### To do
Only the lines below, from the one with "have [sgn|sgn] := ltP" through the one with "End Conformal.", are to be written out, exactly.

───── Provided information ─────

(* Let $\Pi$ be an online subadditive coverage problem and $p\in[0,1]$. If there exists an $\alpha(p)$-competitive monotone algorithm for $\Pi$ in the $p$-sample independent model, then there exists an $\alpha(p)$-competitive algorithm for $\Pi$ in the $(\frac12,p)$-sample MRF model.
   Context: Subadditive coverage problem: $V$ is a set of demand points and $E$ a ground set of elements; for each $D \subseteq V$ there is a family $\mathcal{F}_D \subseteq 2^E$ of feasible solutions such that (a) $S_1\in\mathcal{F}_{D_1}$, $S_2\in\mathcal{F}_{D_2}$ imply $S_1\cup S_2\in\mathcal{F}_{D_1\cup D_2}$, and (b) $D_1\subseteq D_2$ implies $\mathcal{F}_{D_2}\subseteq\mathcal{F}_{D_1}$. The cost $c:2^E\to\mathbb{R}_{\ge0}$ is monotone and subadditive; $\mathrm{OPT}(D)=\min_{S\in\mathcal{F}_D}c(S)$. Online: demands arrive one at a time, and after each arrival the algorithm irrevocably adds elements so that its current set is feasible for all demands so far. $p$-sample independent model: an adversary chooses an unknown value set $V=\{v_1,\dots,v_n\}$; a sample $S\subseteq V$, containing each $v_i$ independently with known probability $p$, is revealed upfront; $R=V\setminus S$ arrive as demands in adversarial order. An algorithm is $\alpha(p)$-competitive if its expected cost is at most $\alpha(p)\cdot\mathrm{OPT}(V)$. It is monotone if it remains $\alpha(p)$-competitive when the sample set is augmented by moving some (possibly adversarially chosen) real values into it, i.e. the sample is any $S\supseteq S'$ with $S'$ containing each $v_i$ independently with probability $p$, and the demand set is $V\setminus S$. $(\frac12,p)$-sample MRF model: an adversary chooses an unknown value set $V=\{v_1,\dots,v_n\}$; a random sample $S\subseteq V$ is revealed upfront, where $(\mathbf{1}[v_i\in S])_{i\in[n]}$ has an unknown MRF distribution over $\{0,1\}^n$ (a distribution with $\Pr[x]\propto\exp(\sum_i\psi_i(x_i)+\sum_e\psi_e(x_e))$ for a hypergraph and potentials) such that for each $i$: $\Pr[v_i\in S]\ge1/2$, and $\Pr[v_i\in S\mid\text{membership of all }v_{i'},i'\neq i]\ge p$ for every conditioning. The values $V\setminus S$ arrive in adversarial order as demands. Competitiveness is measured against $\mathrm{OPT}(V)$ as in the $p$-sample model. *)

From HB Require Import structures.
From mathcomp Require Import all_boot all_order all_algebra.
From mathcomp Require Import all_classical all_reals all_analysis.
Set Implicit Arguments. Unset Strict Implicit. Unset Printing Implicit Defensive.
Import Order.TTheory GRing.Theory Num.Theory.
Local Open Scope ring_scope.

─────
───── Provided information ─────

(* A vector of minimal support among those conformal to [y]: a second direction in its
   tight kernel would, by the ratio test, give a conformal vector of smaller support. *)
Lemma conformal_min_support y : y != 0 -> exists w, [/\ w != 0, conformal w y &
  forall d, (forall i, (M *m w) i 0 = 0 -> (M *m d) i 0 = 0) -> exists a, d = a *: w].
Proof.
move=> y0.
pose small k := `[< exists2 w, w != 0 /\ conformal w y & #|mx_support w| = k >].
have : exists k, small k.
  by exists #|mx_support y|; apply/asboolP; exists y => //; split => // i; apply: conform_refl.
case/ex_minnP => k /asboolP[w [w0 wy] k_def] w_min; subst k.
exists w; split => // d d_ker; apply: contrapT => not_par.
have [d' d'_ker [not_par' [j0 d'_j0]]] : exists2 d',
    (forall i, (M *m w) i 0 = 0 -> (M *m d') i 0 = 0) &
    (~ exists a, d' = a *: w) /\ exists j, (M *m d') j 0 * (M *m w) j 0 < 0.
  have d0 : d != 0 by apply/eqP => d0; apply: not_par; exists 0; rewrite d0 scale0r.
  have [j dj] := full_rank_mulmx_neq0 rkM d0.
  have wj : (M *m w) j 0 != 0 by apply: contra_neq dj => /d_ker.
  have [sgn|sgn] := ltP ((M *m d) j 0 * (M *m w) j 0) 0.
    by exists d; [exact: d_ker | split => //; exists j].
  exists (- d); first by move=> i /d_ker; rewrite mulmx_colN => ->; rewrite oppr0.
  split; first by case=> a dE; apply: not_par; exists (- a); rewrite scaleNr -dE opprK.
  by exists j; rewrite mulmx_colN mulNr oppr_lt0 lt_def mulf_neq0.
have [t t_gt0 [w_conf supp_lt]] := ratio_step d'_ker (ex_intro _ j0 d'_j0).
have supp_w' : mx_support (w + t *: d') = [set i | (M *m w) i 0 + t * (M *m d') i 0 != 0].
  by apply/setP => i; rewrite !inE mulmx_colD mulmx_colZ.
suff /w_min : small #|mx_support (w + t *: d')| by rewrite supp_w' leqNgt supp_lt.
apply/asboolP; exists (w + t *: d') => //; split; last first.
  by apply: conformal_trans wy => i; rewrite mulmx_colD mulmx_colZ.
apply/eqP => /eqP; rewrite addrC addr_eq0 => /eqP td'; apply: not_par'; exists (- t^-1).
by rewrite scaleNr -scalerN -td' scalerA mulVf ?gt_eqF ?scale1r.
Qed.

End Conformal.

─────

### Answer space
  have [sgn|sgn] := ltP ((M *m d) j 0 * (M *m w) j 0) 0.
    by exists d; [exact: d_ker | split => //; exists j].
  exists (- d); first by move=> i /d_ker; rewrite mulmx_colN => ->; rewrite oppr0.
  split; first by case=> a dE; apply: not_par; exists (- a); rewrite scaleNr -dE opprK.
  by exists j; rewrite mulmx_colN mulNr oppr_lt0 lt_def mulf_neq0.
have [t t_gt0 [w_conf supp_lt]] := ratio_step d'_ker (ex_intro _ j0 d'_j0).
have supp_w' : mx_support (w + t *: d') = [set i | (M *m w) i 0 + t * (M *m d') i 0 != 0].
  by apply/setP => i; rewrite !inE mulmx_colD mulmx_colZ.
suff /w_min : small #|mx_support (w + t *: d')| by rewrite supp_w' leqNgt supp_lt.
apply/asboolP; exists (w + t *: d') => //; split; last first.
  by apply: conformal_trans wy => i; rewrite mulmx_colD mulmx_colZ.
apply/eqP => /eqP; rewrite addrC addr_eq0 => /eqP td'; apply: not_par'; exists (- t^-1).
by rewrite scaleNr -scalerN -td' scalerA mulVf ?gt_eqF ?scale1r.
Qed.

End Conformal.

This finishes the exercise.